Sensitivity vector metrics reveal differences in CD4/CCR5 usage efficiencies between Transmitter/Founder (T/F) and chronic envelopes. Normalized infection data using T/F and chronic Env clones were analyzed using VERSA. (A) Vector angle, (θ), (B) mean infectivity (M), and (C) vector amplitude (Δ) values were obtained for each Env clone. Each Env was profiled twice, in triplicate, across 25 combinations of CD4/CCR5 expression. Average metrics of 6 individuals from each group (T/F or chronic, N=12) are shown, each group consisting of 900 data points. The median value of each metric for the T/F and chronic Env cohorts is marked by a line. p values were generated by the non- parametric unpaired t test (***p = 0.0003; *p = 0.05). (D and E) The normalized infectivity for the chronic (blue line) and T/F envelopes (red line) are averaged, and compared as a group at (D) low and (E) high levels of CCR5 expression, across varying levels of CD4 as indicated. (F) Wedge plot of the average angle and amplitude (+/- S.D.) obtained for T/F (dark grey) versus chronic envelopes (light grey). (G) The infectivity profile of individual T/F and chronic Envs (from Additional file 5: Figure S3) were averaged to form their respective group profile. 2-D contour plots representing the averaged infectivity profiles of T/F and chronic envelopes are shown. (H) T/F Envs and macrophage tropic (YU2, ADA) and non-macrophage tropic (JRCSF) R5 Envs were used to produce Env pseudotyped luciferase reporter viruses, which were subsequently titrated on JC53 cells. Monocyte derived macrophages were inoculated with equivalent infectious units of each reporter virus, and luciferase activity measured in cell lysates at 72hrs post infection. Results of infection in 3 independent donors are shown. Results are means of triplicate wells, and error bars represent standard deviations.

Figure 6

HIV envelopes exhibit subtype-specific differences in CD4/CCR5 usage efficiencies. (A) Normalized infection data from each subtype A, B, C and D envelope clones (n = 28) were analyzed by VERSA. The vector metrics were averaged for at least two independent infections (with a variance <5%) for each envelope in each subtype group.

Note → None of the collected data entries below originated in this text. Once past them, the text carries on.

(* Let $k$ be a field, $p \in k[t]$ a monic irreducible separable polynomial of degree $d$, $\alpha$ a root of $p$ in an algebraic closure of $k$, and $K = k(\alpha)$. Let $\lambda$ be a partition of $n$. Then the centralizer of $J_\lambda(C_p)$ in $M_{nd}(k)$ is isomorphic as a $k$-algebra to $K[x]_\lambda$.
   Context: $C_p$ is the $d\times d$ companion matrix of $p$, i.e. the matrix of multiplication by $\alpha$ on $K$ with respect to the $k$-basis $1,\alpha,\dots,\alpha^{d-1}$. For a $d\times d$ matrix $A$, $J_m(A)$ is the $md\times md$ block matrix with $A$ in each diagonal block, $I_d$ in each block directly below the diagonal, and $0$ elsewhere; $J_\lambda(A) = \bigoplus_i J_{\lambda_i}(A)$. For a field $K$ and partition $\lambda=(\lambda_1\ge\dots\ge\lambda_s)$, $K[x]_\lambda$ is the quotient $\mathcal{A}/\mathcal{I}$, where $\mathcal{A}$ is the algebra of $s\times s$ matrices over $K[x]$ whose $(i,j)$ entry lies in $x^{\max(0,\lambda_i-\lambda_j)}K[x]$, and $\mathcal{I}$ is the two-sided ideal of matrices whose entries in row $i$ all lie in $x^{\lambda_i}K[x]$. *)

From HB Require Import structures.
From mathcomp Require Import all_boot all_order all_algebra all_field.
Set Implicit Arguments. Unset Strict Implicit. Unset Printing Implicit Defensive.
Import GRing.Theory.
Local Open Scope ring_scope.

(* Companion matrix C_p in the column convention of the paper: the matrix of
   multiplication by alpha on K = k[t]/(p) in the basis 1, alpha, ...,
   alpha^(d-1), acting on column vectors.  MathComp's [companionmx] uses the
   row-vector convention, so C_p is its transpose. *)
Definition compmx {k : fieldType} (p : {poly k}) : 'M[k]_((size p).-1) :=
  (companionmx p)^T.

Vector angle (θ), mean infectivity (M), and vector amplitude (Δ) values for each envelope are shown as grouped by subtypes. P values were generated by the non- parametric unpaired t test (p*** < 0.005, **p < 0.05). B) 2-D contour plots of the average infectivity profile for each subtype, generated and color coded as in Figure  4G. The colored dashed square boxes compare the infectivity differences noted between subtype C (blue) Envs and others (red) in the lower left (LL) and upper right (UR) quadrants. Each Env clone was independently profiled twice. (C) Polar plot of the averaged sensitivity vectors obtained from each subtype, generated as in Figure  3E.

Figure 7

Affinofile profiling reveals that resistance to broadly neutralizing antibodies (BNAbs) also results in reduced entry efficiency. (A-C) N160K and N279/280A mutations were engineered into a random sample of 12 subtype A-D Envs. The resultant (PG9/PG16)^R and (VRC01)^R resistant Envs were assayed for CD4 and CCR5 usage efficiency along with their parental BNAb sensitive Envs. GGR Affinofile profiling was performed as previously described. 2-D contour plots of the averaged infectivity profiles for (A) WT, (B) (PG9/PG16)^R, and (C) (VRC01)^R Envs are shown. The infectivity profile for the individual Envs are shown in supplementary Figure S5. Axes and color-codes are identical to previous contour plots. (D-E) The median values and interquartile ranges of the Mean infectivity (M) are shown for (PG9/PG16)^R or (VRC01)^R resistant Envs compared to their WT counterparts. P values calculated via a non-parametric paired t-test.